== Task item ==
Only the lines from the one containing "From HB Require Import structures." through the final line of the entries below are wanted, each copied exactly.

+++

(* Let $\mathcal{R}$ be a left-linear conditional term rewriting system, $\mathcal{A}$ a lattice tree automaton and $E$ a set of linear (approximation) equations. If the completion of $\mathcal{A}$ by $\mathcal{R}$ and $E$ terminates on an automaton $\mathcal{A}^*_{\mathcal{R},E}$, then $\mathcal{L}(\mathcal{A}^*_{\mathcal{R},E})\supseteq\mathcal{R}^*(\mathcal{L}(\mathcal{A}))$.
   Context: Domains and terms. A concrete domain $\mathcal{D}$ with interpreted symbols $\mathcal{F}_\bullet=\mathcal{D}\cup OP$ (elements of $\mathcal{D}$ as constants, operations $OP$ on $\mathcal{D}$) and passive (uninterpreted) symbols $\mathcal{F}_\circ$; $eval$ simplifies terms over $\mathcal{F}_\bullet$ to elements of $\mathcal{D}$ and extends homomorphically to other terms. The concrete domain is abstracted (Galois connection, abstraction $\alpha$) by an atomic lattice $\Lambda$, whose atoms correspond to concrete values; abstract interpreted symbols are $\mathcal{F}_\bullet^{\#}=\Lambda\cup OP^{\#}\cup\{\sqcup,\sqcap\}$ with abstract evaluation into $\Lambda$. Lattice tree automaton (LTA) $\langle\mathcal{F},\mathcal{Q},\mathcal{Q}_f,\Delta\rangle$, $\mathcal{F}=\mathcal{F}_\circ\cup\mathcal{F}_\bullet^{\#}$: finite states, final states, normalized transitions $f(q_1,\dots,q_n)\to q$ including lambda transitions $\lambda\to q$ ($\lambda\in\Lambda$). Runs: a subterm over interpreted symbols whose evaluation is $\sqsubseteq\lambda$ reduces to $q$ if $\lambda\to q\in\Delta$; $f(q_1..q_n)\to q$ rewrites as usual. The term order $\sqsubseteq$ compares interpreted subterms by evaluation and passive symbols structurally. $\mathcal{L}(\mathcal{A},q)$: ground terms $t$ (passive symbols, operations, atoms of $\Lambda$) such that some $t'\sqsupseteq t$ satisfies $t'\to^*_{\mathcal{A}}q$; $\mathcal{L}(\mathcal{A})$ the union over final states. Conditional TRS. Rules $l\to r\Leftarrow c_1\wedge\dots\wedge c_n$ with $l$ a non-variable term over passive symbols and variables, $r$ a term over $\mathcal{F}_\circ\cup\mathcal{F}_\bullet$ and variables, $\mathit{Var}(r)\subseteq\mathit{Var}(l)$, each $c_i=\rho_i(t_1,\dots,t_m)$ with $\rho_i$ a predicate on $\mathcal{D}^m$ and $t_j$ terms over interpreted symbols and variables of $l$; a predicate evaluates its arguments with $eval$ and is false if some argument is not a term over interpreted symbols. Left-linear: each variable occurs at most once in $l$. Rewriting: $s\to_{\mathcal{R}}t$ iff there are a rule, a position $p$ and a ground substitution $\sigma$ with $s|_p=l\sigma$, all $c_i\sigma$ true, and $t=eval(s[r\sigma]_p)$. $\mathcal{R}^*(L)$ is the set of terms reachable from $L$ by $\to^*_{\mathcal{R}}$. Completion. For a rule $rl=l\to r\Leftarrow c$ and state $q$: $Matching(l,\mathcal{A},q)$ returns the substitutions $\sigma$ from variables to states with $l\sigma\to^*_{\mathcal{A}}q$; a solver $Solve(\sigma,\mathcal{A},c)$ restricts the constrained variables to lattice elements, over-approximating the solutions of $c$; $\Omega(\mathcal{A},rl,q)=\{\sigma'\mid\sigma\in Matching(l,\mathcal{A},q),\ \sigma'\in Solve(\sigma,\mathcal{A},c),\ \nexists\sigma'':\ r\sigma'\sqsubseteq r\sigma''\to^*_{\mathcal{A}}q\}$. $Norm(s\to^*q)$ turns $s\to q$ into normalized transitions (concrete constants $d$ become $\alpha(d)\to q$, subterms get existing states recognizing them or new states). The one-step completed automaton ${\cal C}_{\mathcal{R}}(\mathcal{A})$ adds, for every rule, state $q$ and $\sigma\in\Omega(\mathcal{A},rl,q)$, the transitions $Norm(r\sigma\to^* q')\cup\{q'\to q\}$ with $q'$ a new state. $\leadsto^!_E$ merges (replacing one state by the other everywhere) any states $q,q'$ such that for some equation $u=v\Leftarrow c$ of $E$ and substitution $\sigma$, $u\sigma\to^*q$, $v\sigma\to^*q'$ and $c$ is satisfiable. $eval(\mathcal{A})$ closes the transition set under the rule: if $f(q_1..q_k)\to q$ with $f$ an interpreted operation and $\lambda_i\to^* q_i$, add $eval(f(\lambda_1..\lambda_k))\to q$ unless some $\lambda\to q$ already covers it (a widening operator on $\Lambda$ may be used to make this terminate, which only enlarges lattice elements). The completion sequence is $\mathcal{A}^0_{\mathcal{R},E}=\mathcal{A}$, and $\mathcal{A}^{n+1}_{\mathcal{R},E}=eval(\mathcal{A}'')$ where ${\cal C}_{\mathcal{R}}(eval(\mathcal{A}^n_{\mathcal{R},E}))\leadsto^!_E\mathcal{A}''$; completion terminates if $\mathcal{A}^{k+1}_{\mathcal{R},E}=\mathcal{A}^k_{\mathcal{R},E}$ for some $k$, and then $\mathcal{A}^*_{\mathcal{R},E}=\mathcal{A}^k_{\mathcal{R},E}$. *)

From HB Require Import structures.
From mathcomp Require Import all_boot all_order.
From Stdlib Require List.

+++

== Answer to this task ==
From HB Require Import structures.
From mathcomp Require Import all_boot all_order.
From Stdlib Require List.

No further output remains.